Entonces se precipitaron aullando, enseñando paños, trapos manchados de anatemas que pregonaban sus dueños. En lugar de rostros con semejanza a civilización quienes así avanzaban con variopinta mezcolanza de rabia primaria malocultaban el caos de lo nulo, de la nada: su voluntad consistía en ir a desolar con sangre lo que el entusiasmo popular había convertido en sentimiento del absoluto, en labor de un ensueño: la sociedad de la igualdad.

Todavía permanece árida aquella pesadilla de atilas ansiosa de ruinas, ahíta de escombros. No marchaban como humanos en pos de un desánimo, una objeción: se agolpaban enlazados por las ganas de acicalar un desierto atribuyéndole arrestos de disparos, de puyas heridoras, de remedo de gruñidos.  Allí, en la memoria más triste, persiste la huesa de su pasado. La hórrida labor que los encendía comenzaría a cobrar final de vidas, la caída del inocente, la tumba de cualquier ser manso. ¿Eran venezolanos los domeñados por esa oscuridad ululante?

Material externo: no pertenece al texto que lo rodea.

(* Let $X=\{x_j:j\in J\}\subset\mathbb{R}^2$ be a finite set with $n=|J|$, and let $\mathcal{D}$ be any farthest point Delaunay triangulation of $X$. A point $s\in\mathbb{R}^2$ is the (quadratic) min-power centre of $X$ if and only if there is a face $D$ of $\mathcal{D}$ (a vertex, an edge, or a triangle) such that $s\in\mathrm{int}(T(D))$ and $s\in V_D$.
   Context: For $s\in\mathbb{R}^2$ let $P(s)=\sum_{i\in J}\|s-x_i\|^2+\max_{i\in J}\|s-x_i\|^2$ (Euclidean norm). The min-power centre $s^*$ of $X$ is the unique minimiser of $P$. Let $M=\frac1n\sum_{i\in J}x_i$ be the centroid, and let $T:\mathbb{R}^2\to\mathbb{R}^2$ be the homothety $T(y)=\frac{1}{n+1}(y+nM)$; thus $T(x_j)=M_j:=\frac{1}{n+1}\big(x_j+\sum_{i\in J}x_i\big)$. The farthest point Voronoi diagram of $X$ partitions the plane into regions $V(x_j)=\{s:\|s-x_j\|=\max_{i\in J}\|s-x_i\|\}$. A farthest point Delaunay triangulation of $X$ is a triangulation of (the extreme points of) $X$ such that the circumcircle of every triangle encloses all points of $X$; it is dual to the farthest point Voronoi diagram. For a face $D$ of $\mathcal{D}$ with vertex index set $J_D$, its dual face is $V_D=\bigcap_{j\in J_D}V(x_j)$. $\mathrm{int}(\cdot)$ denotes relative interior of a face, with the convention $\mathrm{int}(\{x\})=\{x\}$ for a single point. *)

From HB Require Import structures.
From mathcomp Require Import all_boot all_order all_algebra.
From mathcomp Require Import reals.
Set Implicit Arguments. Unset Strict Implicit. Unset Printing Implicit Defensive.
Import Order.TTheory GRing.Theory Num.Theory.
Local Open Scope ring_scope.

Section Defs.
Variable R : realType.
Notation pt := 'rV[R]_2.

Definition sqdist (p q : pt) : R := \sum_(k < 2) (p ord0 k - q ord0 k) ^+ 2.

Definition hull (S : pt -> Prop) (p : pt) : Prop :=
  exists (m : nat) (z : 'I_m -> pt) (mu : 'I_m -> R),
    [/\ forall i, S (z i), forall i, 0 <= mu i, \sum_i mu i = 1
      & p = \sum_i mu i *: z i].

Definition aff (S : pt -> Prop) (p : pt) : Prop :=
  exists (m : nat) (z : 'I_m -> pt) (mu : 'I_m -> R),
    [/\ forall i, S (z i), \sum_i mu i = 1 & p = \sum_i mu i *: z i].

(* relative interior of a set: points having a neighbourhood,
   within the affine hull, contained in the set.  For a singleton
   this is the point itself. *)
Definition relint (S : pt -> Prop) (p : pt) : Prop :=
  S p /\ exists e : R, 0 < e /\
    forall q, aff S q -> sqdist p q < e ^+ 2 -> S q.

Definition image_set (f : pt -> pt) (S : pt -> Prop) (p : pt) : Prop :=
  exists q, S q /\ p = f q.

Variable n : nat.
Variable x : 'I_n -> pt.

Definition pts (A : {set 'I_n}) (p : pt) : Prop := exists2 j, j \in A & p = x j.

Definition face_set (A : {set 'I_n}) : pt -> Prop := hull (pts A).

Definition extreme (j : 'I_n) : Prop :=
  ~ hull (fun p => exists2 i, i != j & p = x i) (x j).

Definition aff_indep (A : {set 'I_n}) : Prop :=
  forall mu : 'I_n -> R,
    (forall i, i \notin A -> mu i = 0) ->
    \sum_i mu i = 0 -> \sum_i mu i *: x i = 0 ->
    forall i, mu i = 0.

(* F is a triangulation of the extreme points of X, given as a
   (geometric) simplicial complex by the vertex index sets of its faces *)
Definition triangulation (F : {set {set 'I_n}}) : Prop :=
  [/\ (forall A, A \in F -> (1 <= #|A| <= 3)%N /\ aff_indep A),
      (forall A B : {set 'I_n}, A \in F -> B \subset A -> B != set0 -> B \in F),
      (forall j, [set j] \in F <-> extreme j),
      (forall p, hull (fun q => exists2 j, extreme j & q = x j) p <->
                 exists2 A, A \in F & face_set A p)
    & (forall A B p, A \in F -> B \in F -> face_set A p -> face_set B p ->
                     face_set (A :&: B) p)].

Definition farthest_delaunay (F : {set {set 'I_n}}) : Prop :=
  triangulation F /\
  forall A, A \in F -> #|A| = 3 ->
    exists (c : pt) (r : R),
      (forall j, j \in A -> sqdist c (x j) = r) /\
      (forall i, sqdist c (x i) <= r).

(* max_i ||s - x_i||^2 (all terms are nonnegative, 0 is a neutral element) *)
Definition maxdist (s : pt) : R := \big[Num.max/0]_i sqdist s (x i).

Definition P (s : pt) : R := \sum_i sqdist s (x i) + maxdist s.

Definition minpower_centre (s : pt) : Prop := forall t, P s <= P t.

Definition centroid : pt := (n%:R)^-1 *: \sum_i x i.
Definition T (y : pt) : pt := (n.+1%:R)^-1 *: (y + n%:R *: centroid).

Definition Vreg (j : 'I_n) (s : pt) : Prop := sqdist s (x j) = maxdist s.
Definition VD (A : {set 'I_n}) (s : pt) : Prop := forall j, j \in A -> Vreg j s.

End Defs.

From HB Require Import structures.
From mathcomp Require Import all_boot all_order all_algebra.
From mathcomp Require Import reals ring lra.
From mathcomp Require Import boolp classical_sets topology normedtype sequences derive.
Import Order.TTheory GRing.Theory Num.Theory.
Import numFieldTopology.Exports numFieldNormedType.Exports.
Local Open Scope ring_scope.
Set Implicit Arguments. Unset Strict Implicit. Unset Printing Implicit Defensive.

(* Sufficiency: if s = T c with c a convex combination of vertices of a face that
   are all farthest from s, the parallel axis identity gives
   P t - P s >= (n+1) ||t - s||^2 for every t.
   Necessity: at a minimiser s, first-order optimality puts c := T^-1 s in the
   convex hull of the points farthest from s (otherwise a separating direction
   decreases P), and these are extreme points of X.  If c lies in a triangle of
   the triangulation, the circumdisc encloses X and the same identity shows that
   every vertex carrying weight in c is farthest from s.  Otherwise c lies in the
   relative interior of a vertex or an edge; extremality and the covering property
   of the triangulation force the weights of c on the farthest points to be its
   barycentric coordinates in that face.  Relative interiority of T c finally
   follows from affine independence, via a compactness lower bound on the
   weights. *)

Local Notation r0 := (@ord0 0).
Local Notation i0 := (@ord0 1).
Local Notation i1 := (@ord_max 1).

Section Averages.
Variables (R : numDomainType) (I : finType) (w : I -> R).
Hypothesis w_sum1 : \sum_i w i = 1.

Lemma weight_neq0 : exists i, w i != 0.
Proof.
case: (pickP (fun i => w i != 0)) => [i wi|w0]; first by exists i.
move/eqP: w_sum1; rewrite big1 => [|i _]; last by apply/eqP/negbFE/w0.
by rewrite eq_sym oner_eq0.
Qed.

Lemma avg_supp_const (f : I -> R) M :
  (forall i, w i != 0 -> f i = M) -> \sum_i w i * f i = M.
Proof.
move=> fM; rewrite -[M]mul1r -w_sum1 mulr_suml; apply: eq_bigr => i _.
by have [->|/fM ->] := eqVneq (w i) 0; rewrite ?mul0r.
Qed.

Hypothesis w_ge0 : forall i, 0 <= w i.

Lemma avg_le (f : I -> R) M : (forall i, f i <= M) -> \sum_i w i * f i <= M.
Proof.
move=> fM; apply: le_trans (_ : \sum_i w i * M <= _).
  by apply: ler_sum => i _; apply: ler_wpM2l.
by rewrite -mulr_suml w_sum1 mul1r.
Qed.

Lemma avg_eq_max (f : I -> R) M : (forall i, f i <= M) ->
  M <= \sum_i w i * f i -> forall i, w i != 0 -> f i = M.
Proof.
move=> fM Mle i wi.
have gap0 : \sum_j w j * (M - f j) = 0.
  apply/eqP; rewrite eq_le sumr_ge0 ?andbT => [|j _]; last first.
    by rewrite mulr_ge0 ?subr_ge0.
  under eq_bigr do rewrite mulrBr.
  by rewrite sumrB -mulr_suml w_sum1 mul1r subr_le0.
have gap_ge0 j : true -> 0 <= w j * (M - f j) by rewrite mulr_ge0 ?subr_ge0.
have /eqP := psumr_eq0P gap_ge0 gap0 (i := i) isT.
by rewrite mulf_eq0 (negbTE wi) subr_eq0 => /eqP.
Qed.

End Averages.

Section Plane.
Variable R : realType.
Local Notation pt := 'rV[R]_2.
Implicit Types p q : pt.

Definition dotp p q : R := p r0 i0 * q r0 i0 + p r0 i1 * q r0 i1.

Lemma sqdistE p q : sqdist p q = (p r0 i0 - q r0 i0) ^+ 2 + (p r0 i1 - q r0 i1) ^+ 2.
Proof.
rewrite /sqdist big_ord_recr big_ord_recr big_ord0 /= add0r.
by have -> : widen_ord (leqnSn 1) ord_max = i0 by apply: val_inj.
Qed.

Lemma row2P p q : p r0 i0 = q r0 i0 -> p r0 i1 = q r0 i1 -> p = q.
Proof.
move=> e0 e1; apply/rowP => -[[|[|//]] lt_j2].
  by rewrite (_ : Ordinal lt_j2 = i0) //; apply: val_inj.
by rewrite (_ : Ordinal lt_j2 = i1) //; apply: val_inj.
Qed.

Lemma sqdist_ge0 p q : 0 <= sqdist p q.
Proof. by rewrite sqdistE addr_ge0 ?sqr_ge0. Qed.

Lemma sqdist_eq0 p q : sqdist p q = 0 -> p = q.
Proof.
rewrite sqdistE => /eqP; rewrite paddr_eq0 ?sqr_ge0 // !sqrf_eq0 !subr_eq0.
by case/andP => /eqP e0 /eqP e1; apply: row2P.
Qed.

Lemma sqdist_shift p q d e :
  sqdist (p + e *: d) q = sqdist p q + 2 * e * dotp d (p - q) + e ^+ 2 * dotp d d.
Proof. by rewrite !sqdistE /dotp !mxE; ring. Qed.

Lemma coord_sum (I : finType) (mu : I -> R) (z : I -> pt) k :
  (\sum_i mu i *: z i) r0 k = \sum_i mu i * z i r0 k.
Proof. by rewrite summxE; apply: eq_bigr => i _; rewrite mxE. Qed.

Lemma parallel_axis1 (I : finType) (nu z : I -> R) a :
  \sum_i nu i = 1 ->
  \sum_i nu i * (a - z i) ^+ 2 =
  (a - \sum_i nu i * z i) ^+ 2 + \sum_i nu i * (\sum_j nu j * z j - z i) ^+ 2.
Proof.
move=> nu_sum1; set c := \sum_j nu j * z j.
have -> : \sum_i nu i * (a - z i) ^+ 2 =
    \sum_i (nu i * ((a - c) * (a + c)) - 2 * (a - c) * (nu i * z i))
    + \sum_i nu i * (c - z i) ^+ 2.
  by rewrite -big_split /=; apply: eq_bigr => i _; ring.
rewrite big_split /= -mulr_suml nu_sum1 sumrN -mulr_sumr -/c; congr (_ + _); ring.
Qed.

Lemma parallel_axis (I : finType) (nu : I -> R) (z : I -> pt) p :
  \sum_i nu i = 1 ->
  \sum_i nu i * sqdist p (z i) =
  sqdist p (\sum_i nu i *: z i) + \sum_i nu i * sqdist (\sum_j nu j *: z j) (z i).
Proof.
move=> nu_sum1.
have split_coords q : \sum_i nu i * sqdist q (z i) =
    \sum_i nu i * (q r0 i0 - z i r0 i0) ^+ 2 + \sum_i nu i * (q r0 i1 - z i r0 i1) ^+ 2.
  by rewrite -big_split; apply: eq_bigr => i _; rewrite sqdistE mulrDr.
rewrite split_coords (parallel_axis1 _ (p r0 i0) nu_sum1).
rewrite (parallel_axis1 _ (p r0 i1) nu_sum1) split_coords sqdistE !coord_sum; ring.
Qed.

Lemma sqdist_barycentre2 (m : R) p q s t : (m + 1) *: s = m *: p + q ->
  m * sqdist t p + sqdist t q - (m * sqdist s p + sqdist s q) = (m + 1) * sqdist t s.
Proof.
move=> s_def; have coord k : q r0 k = (m + 1) * s r0 k - m * p r0 k.
  by have := congr1 (fun y : pt => y r0 k) s_def; rewrite !mxE => ->; ring.
by rewrite !sqdistE !coord; ring.
Qed.

End Plane.

Section Hull.
Variables (R : realType) (n : nat) (x : 'I_n -> 'rV[R]_2).

Lemma hull_weightsP (Q : 'I_n -> Prop) p :
  hull (fun q => exists2 j, Q j & q = x j) p <->
  exists nu : 'I_n -> R, [/\ forall i, nu i != 0 -> Q i, forall i, 0 <= nu i,
    \sum_i nu i = 1 & p = \sum_i nu i *: x i].
Proof.
split.
  case=> m [z [mu [zQ mu_ge0 mu_sum1 ->]]].
  have /choice [f fP] : forall k, exists j, Q j /\ z k = x j.
    by move=> k; case: (zQ k) => j; exists j.
  exists (fun i => \sum_(k | f k == i) mu k); split.
  - move=> i; case: (pickP (fun k => f k == i)) => [k /eqP <-|none].
      by case: (fP k).
    by rewrite big_pred0 ?eqxx.
  - by move=> i; apply: sumr_ge0.
  - by rewrite -mu_sum1 (partition_big f xpredT).
  - rewrite (partition_big f xpredT) //=; apply: eq_bigr => i _.
    by rewrite scaler_suml; apply: eq_bigr => k /eqP <-; case: (fP k) => _ ->.
case=> nu [nuQ nu_ge0 nu_sum1 ->].
have [j nuj] := weight_neq0 nu_sum1.
exists n, (fun i => if nu i != 0 then x i else x j), nu; split => //.
  by move=> i; case: ifP => [/nuQ|_]; [exists i | exists j; first exact: nuQ].
by apply: eq_bigr => i _; case: ifP => // /negbFE/eqP ->; rewrite !scale0r.
Qed.

Lemma hull_vertex (Q : 'I_n -> Prop) j : Q j -> hull (fun p => exists2 i, Q i & p = x i) (x j).
Proof.
move=> Qj; exists 1%N, (fun _ => x j), (fun _ => 1).
by split => [_|_||]; rewrite ?big_ord1 ?scale1r //; exists j.
Qed.

Lemma extreme_weight_neq0 j (nu : 'I_n -> R) : extreme x j ->
  (forall i, 0 <= nu i) -> \sum_i nu i = 1 -> x j = \sum_i nu i *: x i -> nu j != 0.
Proof.
move=> j_ext nu_ge0 nu_sum1 xjE; apply/negP => /eqP nuj0; apply: j_ext.
apply/hull_weightsP; exists nu; split => // i; apply: contraNneq => ->.
by rewrite nuj0 eqxx.
Qed.

Lemma aff_indep_weights_eq (A : {set 'I_n}) (mu nu : 'I_n -> R) : aff_indep x A ->
  (forall i, i \notin A -> mu i = 0) -> (forall i, i \notin A -> nu i = 0) ->
  \sum_i mu i = \sum_i nu i -> \sum_i mu i *: x i = \sum_i nu i *: x i -> mu =1 nu.
Proof.
move=> indep muA nuA sum_eq comb_eq i; apply/eqP; rewrite -subr_eq0; apply/eqP.
apply: (indep (fun i => mu i - nu i)) => [j jA||]; first by rewrite muA ?nuA ?subrr.
  by rewrite sumrB sum_eq subrr.
by under eq_bigr do rewrite scalerBl; rewrite sumrB comb_eq subrr.
Qed.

Ciertos gendarmes, obedientes al llamado de un munícipe, se dieron a gritar sus armas parapetados tras las máquinas que le servían de escondites. El color púrpura de la muerte da libre curso a la calle con nombre de héroe nacional y de ilusión. La horda divulgaba de esa guisa el sordo contentamiento de echar por tierra lo que había tardado el país en conseguir el abrazo de la dicha y la ternura al recoldo de una voz encendida de reclamos de desigualdad y hasta de oprobio. En su búsqueda para silenciarla, para quebrarla, iban los desalmados. Traían consigo u ocultos en la traición y la cobardía ánimas del desprecio, espíritus del rencor, figuras de la tiniebla. Entraron a la casa de todos los venezolanos, preguntaban por la sonrisa y la alegría de quien ofrecía domicilio al más común de los venezolanos. Preguntaban. Mejor, mostraban los colmillos del odio llamando a Hugo Chávez Frías para amarrarlo con insultos, con abjuraciones, ansiaban derribar su existencia. Se lo llevaron, se lo quitaron a la nación que tanto lo quería.

Cuando creían conseguir el fin de nuestra historia de redención colectiva, el barrio, la calle, el soldado justo, la justicia humillada y ofendida,  fueron con palos y banderas a buscar a su amado soñador, aherrojado en alguna isla por los secuaces de cuartel y oficina y lo trajeron de nuevo a la eternidad en la que hoy persiste en cada pálpito, cada respiro, eternamente.

Entonces amaneció entre nosotros un día sin nubarrones ni oscuridad. Amaneció para siempre en la historia al fin vencedora de la nada, a fin vengada.